Provided data section start

(* Let $f:\mathbb{R}\to\mathbb{R}$ satisfy $f(0)=0$ and $|f(u)-f(v)|\leq C|u-v|(e^{\lambda u^2}+e^{\lambda v^2})$ for all $u,v\in\mathbb{R}$, for some constants $C,\lambda>0$. Let $T>0$ and $u\in C([0,T];\exp L^2_0(\mathbb{R}^N))$. Then for every $2\leq p<\infty$, $f(u)\in C([0,T];L^p(\mathbb{R}^N))$.
   Context: The Orlicz space $\exp L^2(\mathbb{R}^N)$ is the set of $u\in L^1_{loc}(\mathbb{R}^N)$ such that $\int_{\mathbb{R}^N}(e^{|u(x)|^2/\alpha^2}-1)\,dx<\infty$ for some $\alpha>0$, with the Luxemburg norm $\|u\|_{\exp L^2}=\inf\{\alpha>0:\int_{\mathbb{R}^N}(e^{|u(x)|^2/\alpha^2}-1)\,dx\leq 1\}$. $\exp L^2_0(\mathbb{R}^N)$ is the closure of $C_0^\infty(\mathbb{R}^N)$ in this norm, equivalently the set of $u\in L^1_{loc}$ with $\int(e^{|u|^2/\alpha^2}-1)\,dx<\infty$ for every $\alpha>0$, equipped with the same norm. *)

From HB Require Import structures.
From mathcomp Require Import all_boot all_order all_algebra.
From mathcomp Require Import all_classical all_reals all_analysis.
Set Implicit Arguments. Unset Strict Implicit. Unset Printing Implicit Defensive.
Import Order.TTheory GRing.Theory Num.Theory.
Import numFieldNormedType.Exports.
Local Open Scope classical_set_scope.
Local Open Scope ring_scope.

(* R^N is represented by N.-tuple R, with the library's product (Borel)
   sigma-algebra on tuples.  The Lebesgue integral over R^N of a
   nonnegative (extended-real valued) function is the iterated Lebesgue
   integral over R (equal to the integral w.r.t. N-dimensional Lebesgue
   measure for nonnegative measurable functions, by Tonelli). *)
Fixpoint iint (R : realType) (N : nat) : (N.-tuple R -> \bar R) -> \bar R :=
  match N with
  | 0 => fun g => g [tuple]
  | n.+1 => fun g =>
      (\int[@lebesgue_measure R]_(x in [set: R]) iint (fun t : n.-tuple R => g (cons_tuple x t)))%E
  end.

Definition exp_integral (R : realType) (N : nat) (g : N.-tuple R -> R) (a : R) : \bar R :=
  iint (fun x => (expR (g x ^+ 2 / a ^+ 2) - 1)%:E).

Definition in_expL2_0 (R : realType) (N : nat) (g : N.-tuple R -> R) : Prop :=
  measurable_fun [set: N.-tuple R] g /\
  forall a : R, 0 < a -> (exp_integral g a < +oo)%E.

Definition expL2_norm (R : realType) (N : nat) (g : N.-tuple R -> R) : R :=
  inf [set a : R | 0 < a /\ (exp_integral g a <= 1)%E].

Definition Lp_integral (R : realType) (N : nat) (g : N.-tuple R -> R) (p : R) : \bar R :=
  iint (fun x => (`|g x| `^ p)%:E).

Definition in_Lp (R : realType) (N : nat) (g : N.-tuple R -> R) (p : R) : Prop :=
  measurable_fun [set: N.-tuple R] g /\ (Lp_integral g p < +oo)%E.

Definition Lp_norm (R : realType) (N : nat) (g : N.-tuple R -> R) (p : R) : \bar R :=
  ((Lp_integral g p) `^ p^-1)%E.

From HB Require Import structures.
From mathcomp Require Import all_boot all_order all_algebra.
From mathcomp Require Import all_classical all_reals all_analysis.
From mathcomp Require Import measurable_realfun.
From mathcomp Require Import ring lra.
Import Order.TTheory GRing.Theory Num.Theory.
Import numFieldNormedType.Exports.
Local Open Scope classical_set_scope.
Local Open Scope ring_scope.

(* Write psi_a(z) = e^(z^2/a^2) - 1 ([expL2_integrand a z]), so that [exp_integral g a]
   is the integral of psi_a(g).  With b^-2 = 8 p lambda, the growth condition on f, the bounds |z|^q <= K_q psi_1(z)
   for q >= 2 and Young's inequality Z E <= Z^2 + E^2 give, for 0 < a <= b and reals x y,
     |f x - f y|^p <= M a^p (psi_a(x - y) + psi_b(y)).
   Integrate with x = u(s), y = u(t): the psi_a term has integral at most 1 as soon as
   ||u(s) - u(t)||_(exp L^2) < a, and the psi_b term has finite integral because u(t) is
   in exp L^2_0, so ||f(u(s)) - f(u(t))||_p^p = O(a^p).  Taking y = 0 gives f(u(t)) in L^p. *)

Section iterated_integral.
Context {R : realType}.
Local Open Scope ereal_scope.

Lemma iint_ge0 n (g : n.-tuple R -> \bar R) : (forall t, 0 <= g t) -> 0 <= iint g.
Proof.
elim: n g => [|n IH] g g0 /=; first exact: g0.
by apply: integral_ge0 => x _; apply: IH.
Qed.

Lemma iint0 n : iint (fun _ : n.-tuple R => 0) = 0.
Proof. by elim: n => [|n IH] //=; under eq_integral do rewrite IH; exact: integral0. Qed.

Lemma measurable_cons_section n (g : (n.+1).-tuple R -> \bar R) (x : R) :
  measurable_fun setT g -> measurable_fun setT (fun t : n.-tuple R => g (cons_tuple x t)).
Proof.
move=> mg; apply: measurableT_comp mg _.
exact: (@measurable_cons _ _ _ (measurableTypeR R) (fun=> x) n idfun
  (measurable_cst _) (@measurable_id _ _ _)).
Qed.

Lemma measurable_iint_section n d (X : measurableType d) (G : X * n.-tuple R -> \bar R) :
  measurable_fun setT G -> (forall z, 0 <= G z) ->
  measurable_fun setT (fun x => iint (fun t => G (x, t))).
Proof.
elim: n d X G => [|n IH] d X G mG G0 /=.
  by apply: measurableT_comp mG _; exact: measurable_fun_pair.
pose H := fun z : (X * R) * n.-tuple R => G (z.1.1, cons_tuple z.1.2 z.2).
have mH : measurable_fun setT H.
  apply: measurableT_comp mG (measurable_fun_pair _ _); first exact: measurableT_comp.
  exact: measurable_cons (measurableT_comp measurable_snd measurable_fst) measurable_snd.
exact (@measurable_fun_fubini_tonelli_F _ _ X (measurableTypeR R) R lebesgue_measure
  (fun xy => iint (fun s => H (xy, s))) (IH _ _ H mH (fun=> G0 _))
  (fun=> iint_ge0 _ _ (fun=> G0 _))).
Qed.

Lemma measurable_iint_cons n (g : (n.+1).-tuple R -> \bar R) :
  measurable_fun setT g -> (forall t, 0 <= g t) ->
  measurable_fun [set: R] (fun x => iint (fun t => g (cons_tuple x t))).
Proof.
move=> mg g0.
have mG : measurable_fun setT
    (fun z : (measurableTypeR R * n.-tuple R)%type => g (cons_tuple z.1 z.2)).
  exact: measurableT_comp mg (measurable_cons measurable_fst measurable_snd).
exact (measurable_iint_section _ _ _ _ mG (fun=> g0 _)).
Qed.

Provided data section end

**Task goal**.
Your task is to find each line in the entries that contains the string "exact" and copy it.

**Answer below**.
elim: n g => [|n IH] g g0 /=; first exact: g0.
Proof. by elim: n => [|n IH] //=; under eq_integral do rewrite IH; exact: integral0. Qed.
exact: (@measurable_cons _ _ _ (measurableTypeR R) (fun=> x) n idfun
  by apply: measurableT_comp mG _; exact: measurable_fun_pair.
  apply: measurableT_comp mG (measurable_fun_pair _ _); first exact: measurableT_comp.
  exact: measurable_cons (measurableT_comp measurable_snd measurable_fst) measurable_snd.
exact (@measurable_fun_fubini_tonelli_F _ _ X (measurableTypeR R) R lebesgue_measure
  exact: measurableT_comp mg (measurable_cons measurable_fst measurable_snd).
exact (measurable_iint_section _ _ _ _ mG (fun=> g0 _)).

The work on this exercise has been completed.